The "Space Battleship Yamato" Era: The Choice in 2202
- Directed by: Atsushi Sato
- Written by: Yuka Minakawa; Harutoshi Fukui;
- Music by: Akira Miyagawa; Hiroshi Miyagawa;
- Studio: Xebec Studio Mother
- Released: June 11, 2021
- Runtime: 120 minutes
- Star Blazers: Space Battleship Yamato 2199 (2012 film series); Star Blazers: Space Battleship Yamato 2205 (2021 film series); Be Forever Yamato: Rebel 3199 (2024 film series);

= Star Blazers: Space Battleship Yamato 2202 =

2017 Anime television series by Nobuyoshi Habara

Star Blazers 2202, known in Japan as Space Battleship Yamato 2202: Warriors of Love (宇宙戦艦ヤマト2202 愛の戦士たち, Uchū Senkan Yamato Ni-ni-zero-ni Ai no Senshi-tachi), is a Japanese military science fiction animated film series produced by Xebec, the remake of Space Battleship Yamato II and the sequel to Star Blazers: Space Battleship Yamato 2199, originally based on the Space Battleship Yamato television series created by Yoshinobu Nishizaki and Leiji Matsumoto. It is directed by Nobuyoshi Habara (Fafner in the Azure) and written by Harutoshi Fukui (Mobile Suit Gundam Unicorn) with official character designs by Nobuteru Yuki. The first film of the series was released simultaneously in Japanese theaters and streaming services starting February 25, 2017. Similar to the first film series, the second loosely adapts both the animated series Space Battleship Yamato II and the film Arrivederci Yamato.

==Story==
In 2202, three years after the Gamillas invasion of the Solar system, the people in the Solar System are finally at peace. The Earth's biosphere has been restored with the Cosmo Reverse System brought by the Yamato at the end of Space Battleship Yamato 2199. With the end of the war, there is a peace treaty between Earth and Gamillas which will strengthen their military bond and secure true peace. In addition to the reconstruction of Earth, the joint forces form a new intergalactic defense fleet with a new ship, Andromeda, to be its new symbol of power. Earth is set on a path of military expansion despite Starsha Iscandar's wishes of peace, and developing new forms of wave motion gun despite the agreement between Starsha and the crew of the Yamato.
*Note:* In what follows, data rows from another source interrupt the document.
Lemma chord_slope_at_left_end (f g : R -> R) (a q : R) :
  a < q -> filterlim f (at_right a) (locally (f a)) ->
  (forall x, a < x < q -> g x <= g a) ->
  (forall x, a < x < q -> chord_slope_between f g x q) -> chord_slope_between f g a q.
Proof.
  intros Haq Hf Hg Hin.
  assert (Hev : forall P : R -> Prop, (forall x, a < x < q -> P x) -> at_right a P).
  { intros P HP. apply (at_right_of_interval a (q - a)); [lra |]. intros. apply HP. lra. }
  assert (Hlin : forall al be,
    filterlim (fun x => al + be * x) (at_right a) (locally (al + be * a))).
  { intros. apply filterlim_affine, filter_le_within. }
  split.
  - assert (f a <= (f q - g q * q) + g q * a); [| lra].
    apply (filterlim_le_limits (F := at_right a) f (fun x => (f q - g q * q) + g q * x));
      [| exact Hf | apply Hlin].
    apply Hev. intros x Hx. destruct (Hin x Hx). lra.
  - assert ((f q - g a * q) + g a * a <= f a); [| lra].
    apply (filterlim_le_limits (F := at_right a) (fun x => (f q - g a * q) + g a * x) f);
      [| apply Hlin | exact Hf].
    apply Hev. intros x Hx. destruct (Hin x Hx). specialize (Hg x Hx). nra.
Qed.

Lemma chord_slope_at_right_end (f g : R -> R) (p e : R) :
  p < e -> filterlim f (at_left e) (locally (f e)) ->
  (forall x, p < x < e -> g e <= g x) ->
  (forall x, p < x < e -> chord_slope_between f g p x) -> chord_slope_between f g p e.
Proof.
  intros Hpe Hf Hg Hin.
  assert (Hev : forall P : R -> Prop, (forall x, p < x < e -> P x) -> at_left e P).
  { intros P HP. apply (at_left_of_interval e (e - p)); [lra |]. intros. apply HP. lra. }
  assert (Hlin : forall al be,
    filterlim (fun x => al + be * x) (at_left e) (locally (al + be * e))).
  { intros. apply filterlim_affine, filter_le_within. }
  split.
  - assert ((f p - g e * p) + g e * e <= f e); [| lra].
    apply (filterlim_le_limits (F := at_left e) (fun x => (f p - g e * p) + g e * x) f);
      [| apply Hlin | exact Hf].
    apply Hev. intros x Hx. destruct (Hin x Hx). specialize (Hg x Hx). nra.
  - assert (f e <= (f p - g p * p) + g p * e); [| lra].
    apply (filterlim_le_limits (F := at_left e) f (fun x => (f p - g p * p) + g p * x));
      [| exact Hf | apply Hlin].
    apply Hev. intros x Hx. destruct (Hin x Hx). lra.
Qed.

Lemma concave_of_chord_slope (f g : R -> R) :
  (forall p q, 0 <= p -> p < q -> chord_slope_between f g p q) -> concave_nonneg f.
Proof.
  intros Hch.
  assert (Hlt : forall x y t, 0 <= x -> x < y -> 0 < t < 1 ->
            t * f x + (1 - t) * f y <= f (t * x + (1 - t) * y)).
  { intros x y t Hx Hxy Ht. set (m := t * x + (1 - t) * y).
    assert (x < m < y) by (unfold m; nra).
    destruct (Hch x m Hx ltac:(lra)) as [Hxm _].
    destruct (Hch m y ltac:(lra) ltac:(lra)) as [_ Hmy].
    assert (E : t * (m - x) = (1 - t) * (y - m)) by (unfold m; ring).
    assert (t * (g m * (m - x)) <= t * (f m - f x)) by (apply Rmult_le_compat_l; lra).
    assert ((1 - t) * (f y - f m) <= (1 - t) * (g m * (y - m))) by (apply Rmult_le_compat_l; lra).
    assert (t * (g m * (m - x)) = (1 - t) * (g m * (y - m))).
    { transitivity (g m * (t * (m - x))); [ring | rewrite E; ring]. }
    lra. }
  intros x y t Hx Hy Ht.
  destruct (Req_dec t 0) as [-> | Ht0].
  { replace (0 * x + (1 - 0) * y) with y by ring. lra. }
  destruct (Req_dec t 1) as [-> | Ht1].
  { replace (1 * x + (1 - 1) * y) with x by ring. lra. }
  destruct (Rtotal_order x y) as [Hxy | [<- | Hxy]].
  - apply Hlt; lra.
  - replace (t * x + (1 - t) * x) with x by ring. lra.
  - pose proof (Hlt y x (1 - t) Hy Hxy ltac:(lra)) as H.
    replace (1 - (1 - t)) with t in H by ring.
    replace (t * x + (1 - t) * y) with ((1 - t) * y + t * x) by ring. lra.
Qed.

Lemma strict_chord_slope (f g : R -> R) (p q : R) :
  (forall p q, 0 <= p -> p < q -> g q < g p) ->
  (forall p q, 0 <= p -> p < q -> chord_slope_between f g p q) ->
  0 <= p -> p < q -> g q * (q - p) < f q - f p < g p * (q - p).
Proof.
  intros Hdecr Hch Hp Hpq. set (m := (p + q) / 2).
  destruct (Hch p m Hp ltac:(unfold m; lra)) as [Hpm1 Hpm2].
  destruct (Hch m q ltac:(unfold m; lra) ltac:(unfold m; lra)) as [Hmq1 Hmq2].
  pose proof (Hdecr p m Hp ltac:(unfold m; lra)).
  pose proof (Hdecr m q ltac:(unfold m; lra) ltac:(unfold m; lra)).
  assert (0 < m - p) by (unfold m; lra). assert (0 < q - m) by (unfold m; lra).
  split; nra.
Qed.

Lemma strict_argmax_of_chord_slope (f g : R -> R) (lam x : R) :
  (forall p q, 0 <= p -> p < q -> g q * (q - p) < f q - f p < g p * (q - p)) ->
  0 <= x -> g x <= lam -> (0 < x -> lam <= g x) ->
  forall z, 0 <= z -> z <> x -> f z - lam * z < f x - lam * x.
Proof.
  intros Hch Hx Hle Hge z Hz Hzx.
  destruct (Rtotal_order z x) as [Hlt | [Heq | Hgt]]; [| contradiction |].
  - destruct (Hch z x Hz Hlt) as [H _]. specialize (Hge ltac:(lra)). nra.
  - destruct (Hch x z Hx Hgt) as [_ H]. nra.
Qed.

(* [min (u' x) (b / x)] is the derivative of the modified utility on [(0, oo)];
   at [0] it is extended continuously by [u' 0]. *)
Definition modified_derivative (du : R -> R) (b x : R) : R :=
  if Rle_dec x 0 then du 0 else Rmin (du x) (b / x).

Lemma modified_derivative_pos (du : R -> R) (b x : R) :
  0 < x -> modified_derivative du b x = Rmin (du x) (b / x).
Proof. intros Hx. unfold modified_derivative. destruct (Rle_dec x 0); [lra | reflexivity]. Qed.

Lemma modified_derivative_decr (u du : R -> R) (b p q : R) :
  strictly_concave_nonneg u -> C1_nonneg u du -> 0 < b -> 0 <= p -> p < q ->
  modified_derivative du b q < modified_derivative du b p.
Proof.
  intros Hu Hdu Hb Hp Hpq. rewrite (modified_derivative_pos du b q) by lra.
  pose proof (strictly_concave_derivative_decr u du p q Hu Hdu Hp Hpq).
  pose proof (Rmin_l (du q) (b / q)).
  destruct (Req_dec p 0) as [-> | Hp0].
  - unfold modified_derivative. destruct (Rle_dec 0 0); lra.
  - rewrite modified_derivative_pos by lra.
    assert (b / q < b / p) by (apply Rmult_lt_compat_l; [lra | apply Rinv_lt_contravar; nra]).
    pose proof (Rmin_r (du q) (b / q)).
    apply Rmin_glb_lt; lra.
Qed.

Section ModifiedUtilityPieces.

Variables (u du uh : R -> R) (b : R) (s : list R).
Hypothesis u_concave : strictly_concave_nonneg u.
Hypothesis u_C1 : C1_nonneg u du.
Hypothesis b_pos : 0 < b.
Hypothesis s_pos : forall j, (j < length s)%nat -> 0 < nth j s 0.
Hypothesis uh_pieces : forall j, (j <= length s)%nat ->
  exists c : R, (j = O -> c = 0) /\
    (((forall x, in_interval s j x -> du x <= b / x) /\
      (forall x, in_interval s j x -> uh x = u x + c))
     \/
     ((forall x, in_interval s j x -> du x > b / x) /\
      (forall x, in_interval s j x -> uh x = b * ln x + c))).
Hypothesis uh_cont : forall x, 0 < x -> continuous uh x.
Hypothesis uh_cont0 : filterlim uh (at_right 0) (locally (uh 0)).

Let g := modified_derivative du b.

Lemma interval_left_nonneg j : (j <= length s)%nat -> 0 <= interval_left s j.
Proof. intros Hj. destruct j as [| j]; simpl; [lra |]. left. apply s_pos. lia. Qed.

Lemma uh_right_cont a : 0 <= a -> filterlim uh (at_right a) (locally (uh a)).
Proof.
  intros Ha. destruct (Req_dec a 0) as [-> | Ha0]; [exact uh_cont0 |].
  apply (filterlim_filter_le_1 _ (filter_le_within _)). apply uh_cont. lra.
Qed.

Lemma uh_left_cont a : 0 < a -> filterlim uh (at_left a) (locally (uh a)).
Proof. intros Ha. apply (filterlim_filter_le_1 _ (filter_le_within _)), uh_cont, Ha. Qed.

Lemma g_nonincr p q : 0 <= p -> p < q -> g q <= g p.
Proof. intros. left. apply (modified_derivative_decr u); assumption. Qed.

Lemma chord_slope_piece_interior j p q : (j <= length s)%nat ->
  in_interval s j p -> in_interval s j q -> p < q -> chord_slope_between uh g p q.
Proof.
  intros Hj Hp Hq Hpq.
  pose proof (interval_left_nonneg j Hj).
  assert (Hp0 : 0 < p) by (destruct Hp; lra).
  unfold g, chord_slope_between. rewrite !modified_derivative_pos by lra.
  destruct (uh_pieces j Hj) as [c [_ [[Hdu Huh] | [Hdu Huh]]]];
    rewrite (Huh p Hp), (Huh q Hq).
  - rewrite !Rmin_left by (apply Hdu; assumption).
    destruct (strictly_concave_chord_slope u du p q u_concave u_C1 ltac:(lra) Hpq). lra.
  - rewrite !Rmin_right by (left; apply Hdu; assumption).
    destruct (ln_chord_slope b p q ltac:(lra) Hp0 Hpq). lra.
Qed.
When a new threat called Gatlantis, also known as the White Comet Empire, starts to wreak havoc on a newly reformed galaxy, the goddess Teressa calls upon the Yamato once more in order to fight back against the new threat.

==Production==
The film series was first teased by producer Shoji Nishizaki in the Yamato Crew Report Magazine, stating that production of the sequel is in development. But added that it wasn't yet greenlighted. The first teaser of the film series was revealed on March 31, 2016 with an illustration by Makoto Kobayashi. It was later confirmed that director Nobuyoshi Habara, best known for the Fafner in the Azure anime and Fukui Harutoshi, the author of the Novel series Mobile Suit Gundam Unicorn will both direct and write the film series. Later on, the first teaser video of the film series was released.
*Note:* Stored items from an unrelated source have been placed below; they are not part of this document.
Lemma mdivides_trans a b c : mdivides a b -> mdivides b c -> mdivides a c.
Proof. by rewrite !mdividesE => /lepm_trans le_ab /le_ab. Qed.

Lemma mdivides_anti a b : mdivides a b -> mdivides b a -> a = b.
Proof.
rewrite !mdividesE => /mnm_lepP leab /mnm_lepP leba.
by apply/mnmP => i; apply/eqP; rewrite eqn_leq leab leba.
Qed.

Lemma is_lm_uniq (K : fieldType) (f : {mpoly K[k]}) a b :
  is_lm f a -> is_lm f b -> a = b.
Proof.
move=> /andP [suppa /allP maxa] /andP [suppb /allP maxb].
case/orP: (maxa _ suppb) => [/eqP//|ltba].
case/orP: (maxb _ suppa) => [/eqP//|ltab].
by case: (drl_lt_asym ltba ltab).
Qed.

Lemma is_lmMX (K : fieldType) (f : {mpoly K[k]}) a w :
  is_lm f a -> is_lm (f * 'X_[w]) (w + a)%MM.
Proof.
move=> /andP [suppa /allP maxa]; apply/andP; split.
  by rewrite mcoeff_msupp mcoeffMX -mcoeff_msupp.
apply/allP => m; rewrite (perm_mem (msuppMX _ _)) => /mapP [m' suppm' ->].
case/orP: (maxa _ suppm') => [/eqP->|lt_m'a]; first by rewrite eqxx.
by rewrite drl_lt_add2l ?orbT.
Qed.

Lemma lt_ideal_mdivides (K : fieldType) s (P : 'I_s -> {mpoly K[k]}) a b :
  lt_ideal P a -> mdivides a b -> lt_ideal P b.
Proof.
move=> [f [[q ->] [nz_f lm_f]]]; rewrite mdividesE => leab.
exists ((\sum_(i < s) q i * P i) * 'X_[b - a]); split; [|split].
- exists (fun i => q i * 'X_[b - a]); rewrite mulr_suml.
  by apply: eq_bigr => i _; rewrite mulrAC.
- apply: contraTneq (lm_f) => /(congr1 (fun p => p@_((b - a) + a)%MM)).
  by rewrite mcoeffMX mcoeff0 /is_lm mcoeff_msupp => ->; rewrite eqxx.
- by rewrite -[in X in is_lm _ X](submK leab); apply: is_lmMX.
Qed.

End Monomials.

Section FirstVariable.
Variable n : nat.
Implicit Types t eps : 'X_{1..n.+1}.
Local Notation x1 := (U_(ord0 : 'I_n.+1))%MM.

Lemma x1_lepm t : (0 < t ord0)%N -> (x1 <= t)%MM.
Proof. by rewrite lep1mP -lt0n. Qed.

Lemma drl_lt_trade_x1 t (j : 'I_n.+1) : (0 < t ord0)%N -> j != ord0 ->
  mdeg (t - x1 + U_(j))%MM = mdeg t /\ drl_lt t (t - x1 + U_(j))%MM.
Proof.
move=> t0_gt0 nz_j.
have deg_trade : mdeg (t - x1 + U_(j))%MM = mdeg t.
  by rewrite -{2}(submK (x1_lepm t0_gt0)) !mdegD !mdeg1.
split=> //; rewrite /drl_lt deg_trade ltnn eqxx /=.
apply/existsP; exists ord0; apply/andP; split; last first.
  by apply/forallP => i; rewrite ltn0.
by rewrite mnmDE mnmBE !mnm1E eqxx (negbTE nz_j) addn0 subn1 ltn_predL.
Qed.

Lemma mdivides_mulx1 t eps :
  mdivides t (eps + x1)%MM -> t != (eps + x1)%MM ->
  mdivides t eps \/
  exists2 j : 'I_n.+1, j != ord0 &
    (0 < t ord0)%N /\ mdivides (t - x1 + U_(j))%MM eps.
Proof.
rewrite !mdividesE => /mnm_lepP t_le neq_t.
have t_le_eps i : i != ord0 -> (t i <= eps i)%N.
  by move=> nz_i; move: (t_le i); rewrite mnmDE mnm1E eq_sym (negbTE nz_i) addn0.
have := t_le ord0; rewrite mnmDE mnm1E eqxx addn1 leq_eqVlt ltnS.
case/orP=> [/eqP t0_eq|t0_le]; last first.
  left; apply/mnm_lepP => i.
  by case: (eqVneq i ord0) => [->|]; [exact: t0_le | exact: t_le_eps].
right; case: (pickP (fun j => t j != (eps + x1)%MM j)) => [j neq_tj|all_eq]; last first.
  by case/eqP: neq_t; apply/mnmP => j; apply/eqP/negbFE/all_eq.
have nz_j : j != ord0.
  by apply: contraNneq neq_tj => ->; rewrite t0_eq mnmDE mnm1E eqxx addn1.
have lt_tj : (t j < eps j)%N.
  move: neq_tj; rewrite mnmDE mnm1E [ord0 == j]eq_sym (negbTE nz_j) addn0.
  by rewrite ltn_neqAle => ->; apply: t_le_eps.
exists j => //; split; first by rewrite t0_eq.
apply/mnm_lepP => i; rewrite mnmDE mnmBE !mnm1E.
case: (eqVneq i ord0) => [->|nz_i]; first by rewrite (negbTE nz_j) t0_eq subn1 addn0.
rewrite subn0.
by case: (eqVneq j i) => [<-|_]; rewrite ?addn1 ?addn0 //; apply: t_le_eps.
Qed.

End FirstVariable.

Section ReducedGroebnerBasis.
Variables (K : fieldType) (n s : nat) (P : 'I_s -> {mpoly K[n.+1]}).
Variable G : seq {mpoly K[n.+1]}.
Hypothesis G_reduced : is_reduced_GB P G.
Local Notation J := (lt_ideal P).
Local Notation x1 := (U_(ord0 : 'I_n.+1))%MM.

Definition lm (g : {mpoly K[n.+1]}) : 'X_{1..n.+1} :=
  nth 0%MM (msupp g) (find (is_lm g) (msupp g)).

Lemma lm_is_lm g m : is_lm g m -> lm g = m.
Proof.
move=> lm_g; apply: (is_lm_uniq _ lm_g); apply: (nth_find _ (a := is_lm g)).
by apply/hasP; exists m => //; case/andP: lm_g.
Qed.

Lemma is_lm_lm g : g \in G -> is_lm g (lm g).
Proof.
by case: G_reduced => _ _ monic _ _ /monic [m [lm_g _]]; rewrite (lm_is_lm lm_g).
Qed.

Lemma lt_ideal_lm g : g \in G -> J (lm g).
Proof.
move=> Gg; case: G_reduced => _ in_ideal_G _ _ _.
have [Pg nz_g] := in_ideal_G _ Gg.
by exists g; split; [|split; last exact: is_lm_lm].
Qed.

Lemma lm_mdivides m : J m -> exists2 g, g \in G & mdivides (lm g) m.
Proof.
case: G_reduced => _ _ _ cover _ /cover [g Gg [t [lm_g dvd_t]]].
by exists g; rewrite ?(lm_is_lm lm_g).
Qed.

Lemma lm_mdivides_inj g g' :
  g \in G -> g' \in G -> mdivides (lm g) (lm g') -> g = g'.
Proof.
move=> Gg Gg' dvd_lm; apply: contraTeq isT => neq_gg'.
case: G_reduced => _ _ _ _ reduced; case/andP: (is_lm_lm Gg') => supp_lm _.
by move: (reduced _ _ Gg Gg' neq_gg' _ (is_lm_lm Gg) _ supp_lm); rewrite dvd_lm.
Qed.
Bandai Visual then later confirmed that the film will be released in both theaters in Japan as well as in several video streaming services in a limited basis. In December 2016, the official website confirmed that Kenjiro Tsuda will replace Keiji Fujiwara as Isami Enomoto while Hiroshi Kamiya and Masaki Terasoma were added as part of the cast. It soon followed with Sayaka Kanda as the voice of Teresa alongside a new 30 second trailer. Bandai Visual later released a special trailer of the film with the song "From Yamato with Love" and followed with the 12-minute preview stream of the first chapter.

The second film was released on June 24, 2017 the third released on October 14, 2017, while the fourth film is released on January 27, 2018. The fifth film was released on May 25, 2018; the sixth film on November 2, 2018 and the seventh and final film was released on March 1, 2019.

As with the first series, Space Battleship Yamato 2199, Voyager Entertainment and Funimation both licensed the series in North American territories, which commenced weekly streaming with an English-dubbed version (via Funimation) and an English Subtitled version (via Crunchyroll) on May 9, 2018.

==Media==
===Anime films===
Space Battleship Yamato 2202: Warriors of Love was released in Japanese theaters and on video streaming services starting February 25, 2017, with Blu-Ray Releases following after the film's limited release. The theme song for the films is titled "Space Battleship Yamato 2202 (宇宙戦艦ヤマト2202, Uchū Senkan Yamato Ni-ni-zero-ni) by the Osaka Shion Wind Orchestra and later, by Isao Sasaki while the ending songs are derived from the original Space Battleship Yamato II anime and film.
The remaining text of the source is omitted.